Stored items:
(* For every countable ordinal $\lambda<\omega_1$ there is a continuous map $f_\lambda:[0,1]\to[0,1]$ such that the chain components poset $(\mathfrak{C}_{f_\lambda},\preceq)$ is order isomorphic to the ordinal $\lambda+1$ with its usual order $\in$.
   Context: For a map $f:[0,1]\to[0,1]$ with the usual metric: an $\varepsilon$-chain from $x$ to $y$ is a finite sequence $x_0=x,\dots,x_n=y$, $n\ge1$, with $|f(x_i)-x_{i+1}|<\varepsilon$; $x\,\mathcal{C}\,y$ iff for every $\varepsilon>0$ there is an $\varepsilon$-chain from $x$ to $y$; $CR_f=\{x:x\,\mathcal{C}\,x\}$; $x\,E\,y$ iff $x\,\mathcal{C}\,y$ and $y\,\mathcal{C}\,x$; $\mathfrak{C}_f=CR_f/E$ is the set of chain components, partially ordered by $[x]\preceq[y]$ iff $y\,\mathcal{C}\,x$. *)

From Stdlib Require Import Reals.
Open Scope R_scope.

Definition I01 (x : R) : Prop := 0 <= x <= 1.

Definition maps_I01 (f : R -> R) : Prop := forall x, I01 x -> I01 (f x).

Definition eps_chain (f : R -> R) (eps x y : R) : Prop :=
  exists (n : nat) (s : nat -> R),
    (1 <= n)%nat /\ s 0%nat = x /\ s n = y /\
    (forall i, (i <= n)%nat -> I01 (s i)) /\
    (forall i, (i < n)%nat -> Rabs (f (s i) - s (S i)) < eps).

Definition chain_rel (f : R -> R) (x y : R) : Prop :=
  forall eps, 0 < eps -> eps_chain f eps x y.

Definition CR (f : R -> R) (x : R) : Prop := I01 x /\ chain_rel f x x.

Definition chainE (f : R -> R) (x y : R) : Prop :=
  chain_rel f x y /\ chain_rel f y x.

Definition is_chain_component (f : R -> R) (A : R -> Prop) : Prop :=
  exists x, CR f x /\ A = (fun y => CR f y /\ chainE f x y).

Definition ChainComp (f : R -> R) : Type := {A : R -> Prop | is_chain_component f A}.

Definition comp_le (f : R -> R) (A B : ChainComp f) : Prop :=
  exists x y, proj1_sig A x /\ proj1_sig B y /\ chain_rel f y x.

(* countable strict well-orders (models of countable ordinals lambda) *)
Definition countable_type (T : Type) : Prop :=
  exists g : T -> nat, forall a b, g a = g b -> a = b.

Definition strict_well_order (T : Type) (lt : T -> T -> Prop) : Prop :=
  (forall a, ~ lt a a) /\
  (forall a b c, lt a b -> lt b c -> lt a c) /\
  (forall a b, lt a b \/ a = b \/ lt b a) /\
  well_founded lt.

(* lambda + 1 = lambda u {lambda}: option T with None as the new top element *)
Definition succ_lt (T : Type) (lt : T -> T -> Prop) (a b : option T) : Prop :=
  match a, b with
  | Some a', Some b' => lt a' b'
  | Some _, None => True
  | None, _ => False
  end.

Definition succ_le (T : Type) (lt : T -> T -> Prop) (a b : option T) : Prop :=
  a = b \/ succ_lt T lt a b.

Definition order_iso (A B : Type) (leA : A -> A -> Prop) (leB : B -> B -> Prop)
  (h : A -> B) : Prop :=
  (forall a1 a2, h a1 = h a2 -> a1 = a2) /\
  (forall b, exists a, h a = b) /\
  (forall a1 a2, leA a1 a2 <-> leB (h a1) (h a2)).

(* Give each element [a] of the well-order lambda+1 the weight 2^-(code a + 1),
   for an injection [code] into nat, and send [a] to the total weight strictly
   below it.  This embedding is strictly increasing, leaves a gap of length
   2^-(code a + 1) just above the image of [a], and its image K is closed: a
   limit is sent to the supremum of the images below it, and the top element
   bounds everything.  For f z = z - dist(z, K) every point of K is fixed and
   f never moves a point past a point of K.  An eps-chain can therefore descend
   to any lower point of K, but can never climb across a point c outside K,
   because f pushes everything below c down by at least dist(c, K) > 0.  Hence
   CR_f = K, chain classes are singletons, and [x] <= [y] iff x <= y. *)

From Stdlib Require Import Reals Lra Lia Classical ClassicalDescription
  IndefiniteDescription ProofIrrelevance FunctionalExtensionality PropExtensionality.
Open Scope R_scope.

(** * Dyadic masses of sets of naturals *)

Definition dyadic_digit (A : nat -> Prop) (n : nat) : R :=
  if excluded_middle_informative (A n) then (/2) ^ S n else 0.

Fixpoint dyadic_partial (A : nat -> Prop) (N : nat) : R :=
  match N with
  | O => 0
  | S N' => dyadic_partial A N' + dyadic_digit A N'
  end.

Lemma half_pow_pos n : 0 < (/2) ^ n.
Proof. apply pow_lt; lra. Qed.

Lemma dyadic_digit_bounds A n : 0 <= dyadic_digit A n <= (/2) ^ S n.
Proof.
  unfold dyadic_digit; destruct excluded_middle_informative;
    pose proof (half_pow_pos (S n)); lra.
Qed.

Lemma dyadic_partial_shift A N k :
  dyadic_partial A N <= dyadic_partial A (N + k) <=
  dyadic_partial A N + (/2) ^ N - (/2) ^ (N + k).
Proof.
  induction k as [|k IH]; rewrite ?Nat.add_0_r, ?Nat.add_succ_r; [lra|].
  pose proof (dyadic_digit_bounds A (N + k)) as Hd; simpl in *; lra.
Qed.

Lemma dyadic_partial_le A M N : dyadic_partial A M <= dyadic_partial A N + (/2) ^ N.
Proof.
  destruct (Nat.le_ge_cases M N) as [HMN|HNM].
  - replace N with (M + (N - M))%nat by lia.
    pose proof (dyadic_partial_shift A M (N - M)).
    pose proof (half_pow_pos (M + (N - M))); lra.
  - replace M with (N + (M - N))%nat by lia.
    pose proof (dyadic_partial_shift A N (M - N)).
    pose proof (half_pow_pos (N + (M - N))); lra.
Qed.

Lemma dyadic_digit_in (A : nat -> Prop) n : A n -> dyadic_digit A n = (/2) ^ S n.
Proof. intros HA; unfold dyadic_digit; destruct excluded_middle_informative; tauto. Qed.

Lemma dyadic_digit_out (A : nat -> Prop) n : ~ A n -> dyadic_digit A n = 0.
Proof. intros HA; unfold dyadic_digit; destruct excluded_middle_informative; tauto. Qed.

Lemma dyadic_digit_mono (A B : nat -> Prop) n :
  (A n -> B n) -> dyadic_digit A n <= dyadic_digit B n.
Proof.
  intros AB. unfold dyadic_digit.
  destruct (excluded_middle_informative (A n)) as [HA|HA],
           (excluded_middle_informative (B n)) as [HB|HB]; try lra.
  - exfalso; auto.
  - pose proof (half_pow_pos (S n)); lra.
Qed.

Lemma dyadic_partial_mono (A B : nat -> Prop) N :
  (forall n, (n < N)%nat -> A n -> B n) -> dyadic_partial A N <= dyadic_partial B N.
Proof.
  induction N as [|N IH]; intros AB; simpl; [lra|].
  assert (dyadic_partial A N <= dyadic_partial B N) by (apply IH; auto).
  assert (dyadic_digit A N <= dyadic_digit B N) by (apply dyadic_digit_mono; auto).
  lra.
Qed.

Lemma dyadic_partial_gap (A B : nat -> Prop) n N :
  (forall m, A m -> B m) -> B n -> ~ A n -> (n < N)%nat ->
  dyadic_partial A N + (/2) ^ S n <= dyadic_partial B N.
Proof.
  intros AB Bn nAn. induction N as [|N IH]; intros HnN; [lia|]. cbn [dyadic_partial].
  assert (dyadic_digit A N <= dyadic_digit B N) by (apply dyadic_digit_mono; auto).
  destruct (Nat.eq_dec n N) as [<-|HnN'].
  - assert (dyadic_partial A n <= dyadic_partial B n)
      by (apply dyadic_partial_mono; auto).
    rewrite (dyadic_digit_out A n nAn), (dyadic_digit_in B n Bn); lra.
  - assert (dyadic_partial A N + (/2) ^ S n <= dyadic_partial B N) by (apply IH; lia).
    lra.
Qed.

Lemma dyadic_partials_bounded A : bound (fun v => exists N, v = dyadic_partial A N).
Proof.
  exists 1. intros v [N ->].
  pose proof (dyadic_partial_le A N 0); simpl in *; lra.
Qed.

Lemma dyadic_partials_inhabited A : exists v, exists N, v = dyadic_partial A N.
Proof. exists 0, O; reflexivity. Qed.

Definition dyadic_mass (A : nat -> Prop) : R :=
  proj1_sig (completeness _ (dyadic_partials_bounded A) (dyadic_partials_inhabited A)).

Lemma dyadic_partial_le_mass A N : dyadic_partial A N <= dyadic_mass A.
Proof.
  unfold dyadic_mass; destruct completeness as [m Hm]; simpl.
  apply (proj1 Hm); eauto.
Qed.

Lemma dyadic_mass_le A v : (forall N, dyadic_partial A N <= v) -> dyadic_mass A <= v.
Proof.
  intros Hv. unfold dyadic_mass; destruct completeness as [m Hm]; simpl.
  apply (proj2 Hm). intros x [N ->]; auto.
Qed.

Lemma dyadic_mass_le_partial A N : dyadic_mass A <= dyadic_partial A N + (/2) ^ N.
Proof. apply dyadic_mass_le; intros; apply dyadic_partial_le. Qed.

Lemma dyadic_mass_bounds A : 0 <= dyadic_mass A <= 1.
Proof.
  pose proof (dyadic_partial_le_mass A 0).
  pose proof (dyadic_mass_le_partial A 0). simpl in *; lra.
Qed.

Lemma dyadic_mass_gap (A B : nat -> Prop) n :
  (forall m, A m -> B m) -> B n -> ~ A n ->
  dyadic_mass A + (/2) ^ S n <= dyadic_mass B.
Proof.
  intros AB Bn nAn.
  enough (dyadic_mass A <= dyadic_mass B - (/2) ^ S n) by lra.
  apply dyadic_mass_le. intros N.
  pose proof (dyadic_partial_shift A N (S n)).
  pose proof (dyadic_partial_gap A B n (N + S n) AB Bn nAn ltac:(lia)).
  pose proof (dyadic_partial_le_mass B (N + S n)). lra.
Qed.

Lemma dyadic_mass_empty (A : nat -> Prop) : (forall n, ~ A n) -> dyadic_mass A = 0.
Proof.
  intros HA. apply Rle_antisym; [|apply dyadic_mass_bounds].
  apply dyadic_mass_le. induction N as [|N IH]; simpl; [lra|].
  rewrite (dyadic_digit_out A N (HA N)); lra.
Qed.

(** * Countable well-orders embedded in [0,1] *)

Lemma well_founded_minimal (U : Type) (lt : U -> U -> Prop) (P : U -> Prop) :
  well_founded lt -> (exists a, P a) -> exists m, P m /\ forall x, lt x m -> ~ P x.
Proof.
  intros wf [a Pa]. induction (wf a) as [a _ IH].
  destruct (classic (exists x, lt x a /\ P x)) as [[x [Hxa Px]]|Hmin].
  - exact (IH x Hxa Px).
  - exists a. split; [exact Pa|]. intros x Hxa Px. apply Hmin; eauto.
Qed.

Lemma strict_well_order_option (T : Type) (lt : T -> T -> Prop) :
  strict_well_order T lt -> strict_well_order (option T) (succ_lt T lt).
Proof.
  intros [irr [trans [tri wf]]]. split; [|split; [|split]].
  - intros [a|]; simpl; auto.
  - intros [a|] [b|] [c|]; simpl; eauto; contradiction.
  - intros [a|] [b|]; simpl; auto.
    destruct (tri a b) as [H|[->|H]]; auto.
  - assert (Acc_Some : forall t, Acc (succ_lt T lt) (Some t)).
    { intros t. induction (wf t) as [t _ IH].
      constructor. intros [y|] Hy; simpl in Hy; [auto|contradiction]. }
    intros [t|]; [auto|].
    constructor. intros [y|] Hy; simpl in Hy; [auto|contradiction].
Qed.

Definition option_code (T : Type) (code : T -> nat) (a : option T) : nat :=
  match a with None => O | Some t => S (code t) end.

Lemma option_code_inj (T : Type) (code : T -> nat) :
  (forall a b, code a = code b -> a = b) ->
  forall a b, option_code T code a = option_code T code b -> a = b.
Proof. intros inj [a|] [b|]; simpl; intros H; try congruence. f_equal; auto. Qed.

Section OrdinalEmbedding.

Variables (U : Type) (lt : U -> U -> Prop) (code : U -> nat).
Hypothesis W : strict_well_order U lt.
Hypothesis code_inj : forall a b, code a = code b -> a = b.

Definition codes_below (b : U) (n : nat) : Prop := exists s, code s = n /\ lt s b.

Definition ordinal_point (b : U) : R := dyadic_mass (codes_below b).

Lemma ordinal_point_I01 b : I01 (ordinal_point b).
Proof. apply dyadic_mass_bounds. Qed.

Lemma ordinal_point_gap a b :
  lt a b -> ordinal_point a + (/2) ^ S (code a) <= ordinal_point b.
Proof.
  destruct W as [irr [trans _]]. intros Hab. apply dyadic_mass_gap.
  - intros n [s [Hs Hsa]]. exists s; eauto.
  - exists a; auto.
  - intros [s [Hs Hsa]]. apply code_inj in Hs; subst s. exact (irr a Hsa).
Qed.

Lemma ordinal_point_lt a b : lt a b -> ordinal_point a < ordinal_point b.
Proof.
  intros Hab. pose proof (ordinal_point_gap a b Hab).
  pose proof (half_pow_pos (S (code a))). lra.
Qed.

Lemma ordinal_point_le_iff a b : ordinal_point a <= ordinal_point b <-> a = b \/ lt a b.
Proof.
  destruct W as [_ [_ [tri _]]]. split.
  - intros Hle. destruct (tri a b) as [H|[H|H]]; auto.
    pose proof (ordinal_point_lt b a H). lra.
  - intros [<-|H]; [lra|]. apply Rlt_le, ordinal_point_lt, H.
Qed.

Lemma ordinal_point_inj a b : ordinal_point a = ordinal_point b -> a = b.
Proof.
  destruct W as [_ [_ [tri _]]]. intros E.
  destruct (tri a b) as [H|[H|H]]; auto;
    apply ordinal_point_lt in H; lra.
Qed.

Lemma ordinal_point_gap_free a e :
  ~ (ordinal_point a < ordinal_point e < ordinal_point a + (/2) ^ S (code a)).
Proof.
  destruct W as [_ [_ [tri _]]]. intros He.
  destruct (tri e a) as [H|[->|H]].
  - apply ordinal_point_lt in H; lra.
  - lra.
  - apply ordinal_point_gap in H; lra.
Qed.

Lemma ordinal_points_gaps a b :
  ordinal_point a < ordinal_point b ->
  exists c, ordinal_point a < c < ordinal_point b /\ forall e, ordinal_point e <> c.
Proof.
  destruct W as [_ [_ [tri _]]]. intros Hab.
  pose proof (half_pow_pos (S (code a))) as Hw.
  exists (ordinal_point a + (/2) ^ S (code a) / 2). split; [split|].
  - lra.
  - destruct (tri a b) as [H|[<-|H]]; [|lra|apply ordinal_point_lt in H; lra].
    apply ordinal_point_gap in H; lra.
  - intros e He. apply (ordinal_point_gap_free a e). lra.
Qed.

### Task details
In the data above, repeat exactly each line from the first through the line that contains "exists g : T", and give nothing else.

### Reply
(* For every countable ordinal $\lambda<\omega_1$ there is a continuous map $f_\lambda:[0,1]\to[0,1]$ such that the chain components poset $(\mathfrak{C}_{f_\lambda},\preceq)$ is order isomorphic to the ordinal $\lambda+1$ with its usual order $\in$.
   Context: For a map $f:[0,1]\to[0,1]$ with the usual metric: an $\varepsilon$-chain from $x$ to $y$ is a finite sequence $x_0=x,\dots,x_n=y$, $n\ge1$, with $|f(x_i)-x_{i+1}|<\varepsilon$; $x\,\mathcal{C}\,y$ iff for every $\varepsilon>0$ there is an $\varepsilon$-chain from $x$ to $y$; $CR_f=\{x:x\,\mathcal{C}\,x\}$; $x\,E\,y$ iff $x\,\mathcal{C}\,y$ and $y\,\mathcal{C}\,x$; $\mathfrak{C}_f=CR_f/E$ is the set of chain components, partially ordered by $[x]\preceq[y]$ iff $y\,\mathcal{C}\,x$. *)

From Stdlib Require Import Reals.
Open Scope R_scope.

Definition I01 (x : R) : Prop := 0 <= x <= 1.

Definition maps_I01 (f : R -> R) : Prop := forall x, I01 x -> I01 (f x).

Definition eps_chain (f : R -> R) (eps x y : R) : Prop :=
  exists (n : nat) (s : nat -> R),
    (1 <= n)%nat /\ s 0%nat = x /\ s n = y /\
    (forall i, (i <= n)%nat -> I01 (s i)) /\
    (forall i, (i < n)%nat -> Rabs (f (s i) - s (S i)) < eps).

Definition chain_rel (f : R -> R) (x y : R) : Prop :=
  forall eps, 0 < eps -> eps_chain f eps x y.

Definition CR (f : R -> R) (x : R) : Prop := I01 x /\ chain_rel f x x.

Definition chainE (f : R -> R) (x y : R) : Prop :=
  chain_rel f x y /\ chain_rel f y x.

Definition is_chain_component (f : R -> R) (A : R -> Prop) : Prop :=
  exists x, CR f x /\ A = (fun y => CR f y /\ chainE f x y).

Definition ChainComp (f : R -> R) : Type := {A : R -> Prop | is_chain_component f A}.

Definition comp_le (f : R -> R) (A B : ChainComp f) : Prop :=
  exists x y, proj1_sig A x /\ proj1_sig B y /\ chain_rel f y x.

(* countable strict well-orders (models of countable ordinals lambda) *)
Definition countable_type (T : Type) : Prop :=
  exists g : T -> nat, forall a b, g a = g b -> a = b.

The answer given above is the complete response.